President Biden, for what it is worth, agrees with Republicans that legal changes are necessary to limit border crossings. Indeed, he pressed Senate Democrats to negotiate a bipartisan bill that would make it harder for migrants to claim asylum, increase funding for immigration officials and detention facilities, and allow the government to close down border crossings if they exceed a certain level.

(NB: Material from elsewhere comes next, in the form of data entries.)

Lemma ipM_suml (I : finType) (a : I -> R) (x : I -> 'rV[R]_d) w :
  ipM M (\sum_i a i *: x i) w = \sum_i a i * ipM M (x i) w.
Proof.
elim/big_rec2: _ => [|i y1 y2 _ <-]; first exact: ipM0l.
by rewrite ipMDl ipMZl.
Qed.

Lemma ipM_sumr (I : finType) (a : I -> R) (x : I -> 'rV[R]_d) w :
  ipM M w (\sum_i a i *: x i) = \sum_i a i * ipM M w (x i).
Proof.
elim/big_rec2: _ => [|i y1 y2 _ <-]; last by rewrite ipMDr ipMZr.
by rewrite -(scale0r 0) ipMZr mul0r.
Qed.

Lemma ipMC : M^T = M -> forall u v, ipM M u v = ipM M v u.
Proof.
move=> hM u v; rewrite /ipM.
have -> : v *m M *m u^T = (u *m M *m v^T)^T by rewrite !trmx_mul trmxK hM mulmxA.
by rewrite [RHS]mxE.
Qed.

Lemma nrmM_ge0 u : 0 <= nrmM M u.
Proof. exact: sqrtr_ge0. Qed.

Lemma nrmM0 : nrmM M 0 = 0.
Proof. by rewrite /nrmM ipM0l sqrtr0. Qed.

Lemma nrmMN u : nrmM M (- u) = nrmM M u.
Proof. by rewrite /nrmM ipMNl ipMNr opprK. Qed.

Lemma nrmMZ k u : 0 <= k -> nrmM M (k *: u) = k * nrmM M u.
Proof.
move=> hk; rewrite /nrmM ipMZl ipMZr mulrA sqrtrM ?mulr_ge0 //.
by rewrite -expr2 sqrtr_sqr ger0_norm.
Qed.

Hypothesis M_pos : forall u, u != 0 -> 0 < ipM M u u.

Lemma ipMxx_ge0 u : 0 <= ipM M u u.
Proof. by have [->|/M_pos/ltW] := eqVneq u 0; rewrite ?ipM0l. Qed.

Lemma sqr_nrmM u : nrmM M u ^+ 2 = ipM M u u.
Proof. by rewrite sqr_sqrtr // ipMxx_ge0. Qed.

Lemma nrmM_gt0 u : u != 0 -> 0 < nrmM M u.
Proof. by move=> hu; rewrite sqrtr_gt0 M_pos. Qed.

End BilinearForm.

Lemma toRD (z z' : 'rV[int]_d) : toR R (z + z') = toR R z + toR R z'.
Proof. by apply/rowP => j; rewrite !mxE intrD. Qed.

Lemma toR0 : toR R (0 : 'rV[int]_d) = 0.
Proof. by apply/rowP => j; rewrite !mxE. Qed.

Lemma toR_eq0 (z : 'rV[int]_d) : (toR R z == 0) = (z == 0).
Proof.
apply/eqP/eqP => [/rowP h|->]; last exact: toR0.
by apply/rowP => j; have /eqP := h j; rewrite !mxE intr_eq0 => /eqP.
Qed.

Definition vert_comb V (p : 'I_d -> R) : 'rV[R]_d := \sum_i p i *: vertR R V i.

Lemma eq_vert_comb V p q : p =1 q -> vert_comb V p = vert_comb V q.
Proof. by move=> e; apply: eq_bigr => i _; rewrite e. Qed.

Lemma vert_comb0 V : vert_comb V (fun _ => 0) = 0.
Proof. by rewrite /vert_comb big1 // => i _; rewrite scale0r. Qed.
(* Let $n\ge2$ and let $f$ be a function from the set of Schubert problems for $GL_n$ (triples $(u,v,w)\in S_n^3$ with $l(u)+l(v)+l(w)=\binom n2$) to $\mathbb Z$ satisfying: (1) (descent-cycling invariance) for every triple $(u,v,w)\in S_n^3$ with $l(u)+l(v)+l(w)=\binom n2-1$ and every $i\in\{1,\dots,n-1\}$ with $u(i)<u(i+1)$, $v(i)<v(i+1)$, $w(i)<w(i+1)$, one has $f(us_i,v,w)=f(u,vs_i,w)=f(u,v,ws_i)$; (2) $f(u,v,w)=0$ whenever there is $i$ with $u(i)<u(i+1)$, $v(i)<v(i+1)$ and $w(i)<w(i+1)$; (3) $f(\mathrm{id},\mathrm{id},w_0)=1$. Then $f$ obeys Monk's rule: let $\pi\in S_n$, $i\in\{1,\dots,n-1\}$, and let $\tau\in S_n$ be defined by $\tau(m)=n+1-\pi(m)$. Let $\sigma$ be obtained from $\tau$ by swapping the entries in positions $j<k$, where $\tau(j)>\tau(k)$ and $l(\sigma)=l(\tau)-1$. Then $f(\pi,s_i,\sigma)=1$ if $j\le i<k$, and $f(\pi,s_i,\sigma)=0$ if $j,k\le i$ or $j,k\ge i+1$.
   Context: Permutations are in one-line notation; $l$ is the number of inversions; $w_0=n\,n{-}1\cdots1$; $\mathrm{id}$ is the identity; $s_i$ is the transposition $i\leftrightarrow i+1$, and $us_i$ denotes $u$ with the entries in positions $i,i+1$ swapped. Note $(\pi,s_i,\sigma)$ is automatically a Schubert problem. *)

(* Permutations of {1..n} are modelled as 'S_n (0-indexed). *)
From mathcomp Require Import all_boot all_order all_fingroup all_algebra.
Set Implicit Arguments. Unset Strict Implicit. Unset Printing Implicit Defensive.

Definition len n (u : 'S_n) : nat :=
  #|[set p : 'I_n * 'I_n | (p.1 < p.2) && (u p.2 < u p.1)]|.

(* u s_(i,j): u with the entries in positions i and j swapped;
   (tperm i j * u) x = u (tperm i j x) *)
Definition swap_pos n (u : 'S_n) (i j : 'I_n) : 'S_n := (tperm i j * u)%g.

Definition w0 n : 'S_n := perm (@rev_ord_inj n).

Definition schubert n (u v w : 'S_n) : Prop := len u + len v + len w = 'C(n, 2).

(* position i is an ascent of u (i' is the position i+1) *)
Definition ascent n (u : 'S_n) (i i' : 'I_n) : bool := u i < u i'.

(* Write tau for m |-> n+1-pi(m), so that l(sigma) = l(tau) - 1 says that no value between
   tau(k) and tau(j) occurs at a position strictly between j and k. Descent cycling at an
   adjacent position p <> i, applied to the outer factors, gives
   f(pi, s_i, sigma) = f(pi s_p, s_i, sigma s_p); when p and p+1 lie in [j, k] this is a problem
   of the same shape for the image of (j, k) under s_p. Sliding the right end of (j, k) to the
   left, or the left end to the right when the right end is i+1, keeps the truth value of
   j <= i < k and reduces to k = j+1. There f vanishes by (2) unless j = i, and for j = i one
   more descent cycling leads to f(pi, id, tau) = 1, since by (1)-(3) and induction on l(u),
   f(u, id, w) is 1 if w(m) = n+1-u(m) for all m and 0 otherwise. *)

From mathcomp Require Import all_boot all_order all_fingroup all_algebra.
From mathcomp Require Import zify.
Set Implicit Arguments. Unset Strict Implicit. Unset Printing Implicit Defensive.

Section SwapPos.
Variable n : nat.
Implicit Types (u v U : 'S_n) (a b i j p q x : 'I_n).

Lemma swap_posE U i j x : swap_pos U i j x = U (tperm i j x).
Proof. by rewrite permM. Qed.

Lemma swap_posL U i j : swap_pos U i j i = U j.
Proof. by rewrite swap_posE tpermL. Qed.

Lemma swap_posR U i j : swap_pos U i j j = U i.
Proof. by rewrite swap_posE tpermR. Qed.

Lemma swap_posD U i j x : i != x -> j != x -> swap_pos U i j x = U x.
Proof. by move=> ix jx; rewrite swap_posE tpermD. Qed.

Lemma swap_posK U i j : swap_pos (swap_pos U i j) i j = U.
Proof. exact: tpermKg. Qed.

Lemma swap_posM u v i j : swap_pos (u * v) i j = (swap_pos u i j * v)%g.
Proof. exact: mulgA. Qed.

Lemma swap_pos_conj U a b p q :
  swap_pos (swap_pos U a b) p q = swap_pos (swap_pos U p q) (tperm p q a) (tperm p q b).
Proof.
rewrite /swap_pos -tpermJ conjgE tpermV !mulgA; congr (_ * U)%g.
by rewrite -!mulgA tperm2 mulg1.
Qed.

Lemma perm_ltnNgt U a b : a != b -> (U a < U b) = ~~ (U b < U a).
Proof.
move=> ab; rewrite -leqNgt [in RHS]leq_eqVlt -[_ == _]/(U a == U b).
by rewrite (inj_eq perm_inj) (negbTE ab).
Qed.

Lemma val_tperm a b x :
  val (tperm a b x) = if x == a then val b else if x == b then val a else val x.
Proof.
case: tpermP => [->|->|/eqP/negbTE-> /eqP/negbTE->] //; rewrite eqxx //.
by case: eqP => [->|].
Qed.

Lemma ltn_tperm_adj p q a b : q = p.+1 :> nat ->
  (a, b) != (p, q) -> (a, b) != (q, p) ->
  (tperm p q a < tperm p q b) = (a < b).
Proof.
rewrite !val_tperm !xpair_eqE -!val_eqE /= => hq.
by do 4 case: eqP; move=> *; apply/idP/idP; lia.
Qed.

End SwapPos.

Section Length.
Variable n : nat.
Implicit Types (u w U W : 'S_n) (a b i j k m p q x : 'I_n).

Lemma neq_adj p q : q = p.+1 :> nat -> p != q.
Proof. by move=> hq; rewrite -val_eqE /= hq neq_ltn ltnSn. Qed.

Lemma ascent_swap_pos U p q : q = p.+1 :> nat -> ascent (swap_pos U p q) p q = ~~ ascent U p q.
Proof. by move=> /neq_adj pq; rewrite /ascent swap_posL swap_posR perm_ltnNgt // eq_sym. Qed.

Lemma len_swap_pos U a b :
  len (swap_pos U a b) =
  #|[set e : 'I_n * 'I_n | (tperm a b e.1 < tperm a b e.2) && (U e.2 < U e.1)]|.
Proof.
pose t2 (e : 'I_n * 'I_n) := (tperm a b e.1, tperm a b e.2).
have t2_inj : injective t2 by move=> [? ?] [? ?] [/perm_inj-> /perm_inj->].
rewrite /len -(card_preimset _ t2_inj); congr #|pred_of_set _|.
by apply/setP => e; rewrite !inE /= !swap_posE !tpermK.
Qed.

Lemma len_swap_pos_ascent U p q : q = p.+1 :> nat -> ascent U p q ->
  len (swap_pos U p q) = (len U).+1.
Proof.
move=> hq asc; rewrite len_swap_pos /len.
have -> : [set e : 'I_n * 'I_n | (tperm p q e.1 < tperm p q e.2) && (U e.2 < U e.1)] =
          (q, p) |: [set e : 'I_n * 'I_n | (e.1 < e.2) && (U e.2 < U e.1)].
  apply/setP => -[a b]; rewrite !inE /=.
  have [[-> ->]|ne_qp] := eqVneq (a, b) (q, p); first by rewrite tpermL tpermR hq ltnSn.
  have [[-> ->]|ne_pq] := eqVneq (a, b) (p, q).
    by rewrite tpermL tpermR hq ltnNge leqnSn /= andbC ltnNge ltnW.
  by rewrite ltn_tperm_adj.
by rewrite cardsU1 inE /= hq ltnNge leqnSn.
Qed.

Lemma len_swap_pos_descent U p q : q = p.+1 :> nat -> ~~ ascent U p q ->
  (len (swap_pos U p q)).+1 = len U.
Proof.
move=> hq desc; rewrite -{2}(swap_posK U p q) (len_swap_pos_ascent (U := swap_pos U p q)) //.
by rewrite ascent_swap_pos.
Qed.

Lemma len1 : len (1 : 'S_n) = 0.
Proof.
apply/eqP; rewrite cards_eq0; apply/eqP/setP => e; rewrite !inE !perm1.
by apply/negbTE/andP => -[/ltn_trans lt /lt]; rewrite ltnn.
Qed.

Lemma ascent1 p q : q = p.+1 :> nat -> ascent 1 p q.
Proof. by move=> hq; rewrite /ascent !perm1 hq. Qed.

Lemma swap_pos1 i j : swap_pos 1 i j = tperm i j.
Proof. exact: mulg1. Qed.

Lemma len_tperm_adj i j : j = i.+1 :> nat -> len (tperm i j) = 1.
Proof. by move=> hj; rewrite -swap_pos1 len_swap_pos_ascent ?len1 ?ascent1. Qed.

Lemma ascent_tperm_adj i j p q : j = i.+1 :> nat -> q = p.+1 :> nat -> p != i ->
  ascent (tperm i j) p q.
Proof.
move=> hj hq pi; rewrite /ascent ltn_tperm_adj // ?hq // xpair_eqE ?(negbTE pi) //.
by rewrite -!val_eqE /= hj hq; apply/negP => /andP[/eqP-> /eqP]; lia.
Qed.

Lemma card_ltn_pairs : #|[set e : 'I_n * 'I_n | e.1 < e.2]| = 'C(n, 2).
Proof.
rewrite -bin2_sum big_mkord -(sum1dep_card (fun e : 'I_n * 'I_n => e.1 < e.2)).
rewrite -(pair_big_dep xpredT (fun a b : 'I_n => a < b) (fun _ _ => 1)) /=.
rewrite (exchange_big_dep xpredT) //=; apply: eq_bigr => b _.
rewrite -(big_ord_widen_cond _ (fun _ => true) (fun _ => 1) (ltnW (ltn_ord b))).
by rewrite sum1_card card_ord.
Qed.

Lemma ltn_rev_ord a b : (rev_ord a < rev_ord b) = (b < a).
Proof. by rewrite /= ltn_sub2lE ?ltnS. Qed.

Lemma mul_w0E u x : (u * w0 n)%g x = rev_ord (u x).
Proof. by rewrite permM /w0 permE. Qed.

Lemma ascent_mul_w0 u p q : p != q -> ascent (u * w0 n) p q = ~~ ascent u p q.
Proof. by move=> pq; rewrite /ascent !mul_w0E ltn_rev_ord perm_ltnNgt // eq_sym. Qed.

Lemma len_mul_w0 u : len (u * w0 n) + len u = 'C(n, 2).
Proof.
rewrite -card_ltn_pairs -(cardsID [set e : 'I_n * 'I_n | u e.2 < u e.1]) addnC.
congr (_ + _); apply: eq_card => e; rewrite !inE ?mul_w0E ?ltn_rev_ord andbC //.
case lt12: (e.1 < e.2); rewrite ?andbF //= perm_ltnNgt //.
exact: negbT (ltn_eqF lt12).
Qed.

Lemma leq_adj_increasing (g : 'I_n -> 'I_n) :
  (forall p q, q = p.+1 :> nat -> g p < g q) -> forall x, x <= g x.
Proof.
move=> g_incr [m lt_mn]; elim: m lt_mn => [//|m IHm] lt_mn.
exact: leq_ltn_trans (IHm (ltnW lt_mn)) (g_incr (Ordinal (ltnW lt_mn)) (Ordinal lt_mn) erefl).
Qed.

But, after Democratic and Republican negotiators agreed on a bill, much of the GOP abruptly pulled its support. According to Sen. Mitt Romney (R-UT), this happened because presumptive GOP presidential nominee Donald Trump told Republicans “he doesn’t want us to solve the border problem because he wants to blame Biden for it.”

And so, here we are, with an unpopular spike in southern migration overwhelming the US immigration system, and a Congress that is unable to address the problem because the leader of the GOP prefers chaos to a solution.

Texas Republicans, meanwhile, have their own answer. It just requires the Supreme Court to toss out more than a century of established law, and strip away the United States’ ability to speak with one voice on matters of foreign policy.

If Texas prevails in this lawsuit, the consequences will be unpredictable, and could be catastrophic. It would mean, as the Supreme Court warned in Hines, that states would gain broad leeway to act against foreign nationals — potentially endangering US relations with our allies, or worse.